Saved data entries
■ ■ ■ ■ ■ ■ ■

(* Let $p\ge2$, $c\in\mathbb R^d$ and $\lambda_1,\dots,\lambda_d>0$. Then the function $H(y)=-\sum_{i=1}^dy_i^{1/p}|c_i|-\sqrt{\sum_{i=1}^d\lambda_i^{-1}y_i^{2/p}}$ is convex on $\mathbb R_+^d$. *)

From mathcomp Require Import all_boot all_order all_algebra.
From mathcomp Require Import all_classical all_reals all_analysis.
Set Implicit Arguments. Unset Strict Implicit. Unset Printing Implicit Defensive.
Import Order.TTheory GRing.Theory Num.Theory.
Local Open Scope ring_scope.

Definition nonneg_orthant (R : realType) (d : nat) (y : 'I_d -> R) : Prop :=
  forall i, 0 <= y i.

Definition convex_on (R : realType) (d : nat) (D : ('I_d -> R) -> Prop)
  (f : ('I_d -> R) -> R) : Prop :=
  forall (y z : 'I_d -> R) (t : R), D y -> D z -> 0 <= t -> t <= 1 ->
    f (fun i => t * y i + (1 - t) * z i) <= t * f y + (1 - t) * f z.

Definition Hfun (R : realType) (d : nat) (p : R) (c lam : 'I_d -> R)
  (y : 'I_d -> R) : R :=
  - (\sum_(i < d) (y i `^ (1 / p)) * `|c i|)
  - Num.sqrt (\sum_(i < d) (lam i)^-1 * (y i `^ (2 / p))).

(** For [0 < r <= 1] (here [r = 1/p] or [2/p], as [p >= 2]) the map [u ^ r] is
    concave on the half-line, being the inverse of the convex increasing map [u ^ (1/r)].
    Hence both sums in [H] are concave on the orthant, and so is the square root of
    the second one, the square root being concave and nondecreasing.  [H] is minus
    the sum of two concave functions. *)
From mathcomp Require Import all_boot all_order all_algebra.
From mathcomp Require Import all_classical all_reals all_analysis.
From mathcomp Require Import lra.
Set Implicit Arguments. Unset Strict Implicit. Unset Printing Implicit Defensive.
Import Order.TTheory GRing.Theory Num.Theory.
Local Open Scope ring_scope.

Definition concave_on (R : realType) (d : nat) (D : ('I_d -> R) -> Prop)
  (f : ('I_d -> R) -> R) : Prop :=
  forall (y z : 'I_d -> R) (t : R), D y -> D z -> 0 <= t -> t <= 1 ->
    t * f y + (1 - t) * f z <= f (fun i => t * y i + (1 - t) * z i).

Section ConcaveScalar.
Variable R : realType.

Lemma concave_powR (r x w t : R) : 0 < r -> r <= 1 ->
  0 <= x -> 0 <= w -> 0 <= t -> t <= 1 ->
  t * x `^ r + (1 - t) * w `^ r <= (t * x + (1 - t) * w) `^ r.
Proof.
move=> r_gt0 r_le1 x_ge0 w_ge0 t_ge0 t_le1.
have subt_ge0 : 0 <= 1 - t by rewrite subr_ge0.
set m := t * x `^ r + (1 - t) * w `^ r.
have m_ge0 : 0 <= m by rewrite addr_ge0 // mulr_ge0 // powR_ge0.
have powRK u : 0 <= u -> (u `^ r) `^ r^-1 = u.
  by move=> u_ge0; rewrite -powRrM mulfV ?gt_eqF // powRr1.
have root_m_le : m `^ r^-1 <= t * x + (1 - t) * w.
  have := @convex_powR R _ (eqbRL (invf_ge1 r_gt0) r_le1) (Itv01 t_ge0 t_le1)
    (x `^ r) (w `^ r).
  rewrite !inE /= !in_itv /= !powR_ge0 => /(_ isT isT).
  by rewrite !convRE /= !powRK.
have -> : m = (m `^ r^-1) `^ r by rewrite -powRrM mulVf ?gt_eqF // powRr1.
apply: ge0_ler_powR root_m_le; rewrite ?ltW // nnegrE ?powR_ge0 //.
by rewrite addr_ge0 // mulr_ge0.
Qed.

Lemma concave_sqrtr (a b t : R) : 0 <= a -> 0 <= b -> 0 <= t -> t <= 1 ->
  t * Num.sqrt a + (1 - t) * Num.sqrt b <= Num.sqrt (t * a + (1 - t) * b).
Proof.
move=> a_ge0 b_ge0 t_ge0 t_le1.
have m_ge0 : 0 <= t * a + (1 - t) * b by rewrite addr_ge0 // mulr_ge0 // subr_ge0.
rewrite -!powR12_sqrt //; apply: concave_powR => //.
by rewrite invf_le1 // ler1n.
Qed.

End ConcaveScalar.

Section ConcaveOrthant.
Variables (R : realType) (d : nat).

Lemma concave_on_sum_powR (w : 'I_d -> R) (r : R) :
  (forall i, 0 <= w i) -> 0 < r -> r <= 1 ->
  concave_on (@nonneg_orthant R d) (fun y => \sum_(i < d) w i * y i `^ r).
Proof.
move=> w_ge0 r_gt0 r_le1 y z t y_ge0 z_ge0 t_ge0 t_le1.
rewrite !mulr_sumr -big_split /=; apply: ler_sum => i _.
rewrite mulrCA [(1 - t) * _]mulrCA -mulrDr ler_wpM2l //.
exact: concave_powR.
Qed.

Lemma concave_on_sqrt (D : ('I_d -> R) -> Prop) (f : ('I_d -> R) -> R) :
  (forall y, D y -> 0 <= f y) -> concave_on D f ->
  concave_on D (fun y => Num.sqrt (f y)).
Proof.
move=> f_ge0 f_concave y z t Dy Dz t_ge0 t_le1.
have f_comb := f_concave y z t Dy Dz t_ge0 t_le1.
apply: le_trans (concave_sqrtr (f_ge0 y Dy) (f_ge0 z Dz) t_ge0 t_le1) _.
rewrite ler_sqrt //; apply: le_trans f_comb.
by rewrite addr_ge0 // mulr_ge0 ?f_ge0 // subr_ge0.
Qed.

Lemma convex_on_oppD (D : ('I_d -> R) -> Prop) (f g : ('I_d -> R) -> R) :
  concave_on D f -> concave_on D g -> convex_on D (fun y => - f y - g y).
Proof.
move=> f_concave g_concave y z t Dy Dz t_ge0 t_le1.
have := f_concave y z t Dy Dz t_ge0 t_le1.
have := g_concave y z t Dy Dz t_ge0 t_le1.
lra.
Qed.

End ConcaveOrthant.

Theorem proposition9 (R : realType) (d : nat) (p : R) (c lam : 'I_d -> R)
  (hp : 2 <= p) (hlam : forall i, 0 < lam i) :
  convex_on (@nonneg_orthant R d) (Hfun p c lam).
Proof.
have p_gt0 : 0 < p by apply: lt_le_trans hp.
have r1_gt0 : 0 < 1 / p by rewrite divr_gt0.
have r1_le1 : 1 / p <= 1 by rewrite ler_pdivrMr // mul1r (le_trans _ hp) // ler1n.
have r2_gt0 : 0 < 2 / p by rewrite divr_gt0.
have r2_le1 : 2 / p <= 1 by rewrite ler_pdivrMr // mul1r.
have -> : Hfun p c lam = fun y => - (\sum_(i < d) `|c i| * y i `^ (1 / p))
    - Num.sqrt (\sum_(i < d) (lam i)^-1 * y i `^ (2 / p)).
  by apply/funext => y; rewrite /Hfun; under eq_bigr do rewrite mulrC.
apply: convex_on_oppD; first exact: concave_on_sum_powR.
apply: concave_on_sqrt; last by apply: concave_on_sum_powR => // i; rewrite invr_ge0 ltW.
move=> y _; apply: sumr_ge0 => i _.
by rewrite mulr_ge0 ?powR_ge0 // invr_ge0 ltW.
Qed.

■ ■ ■ ■ ■ ■ ■

■ PROBLEM TO WORK ON ■
From the line that has "move=> f_ge0 f_concave" through the line that has "Lemma convex_on_oppD (D", copy every line exactly as it appears above, and leave out all others.

■ WRITTEN ANSWER ■
move=> f_ge0 f_concave y z t Dy Dz t_ge0 t_le1.
have f_comb := f_concave y z t Dy Dz t_ge0 t_le1.
apply: le_trans (concave_sqrtr (f_ge0 y Dy) (f_ge0 z Dz) t_ge0 t_le1) _.
rewrite ler_sqrt //; apply: le_trans f_comb.
by rewrite addr_ge0 // mulr_ge0 ?f_ge0 // subr_ge0.
Qed.

Lemma convex_on_oppD (D : ('I_d -> R) -> Prop) (f g : ('I_d -> R) -> R) :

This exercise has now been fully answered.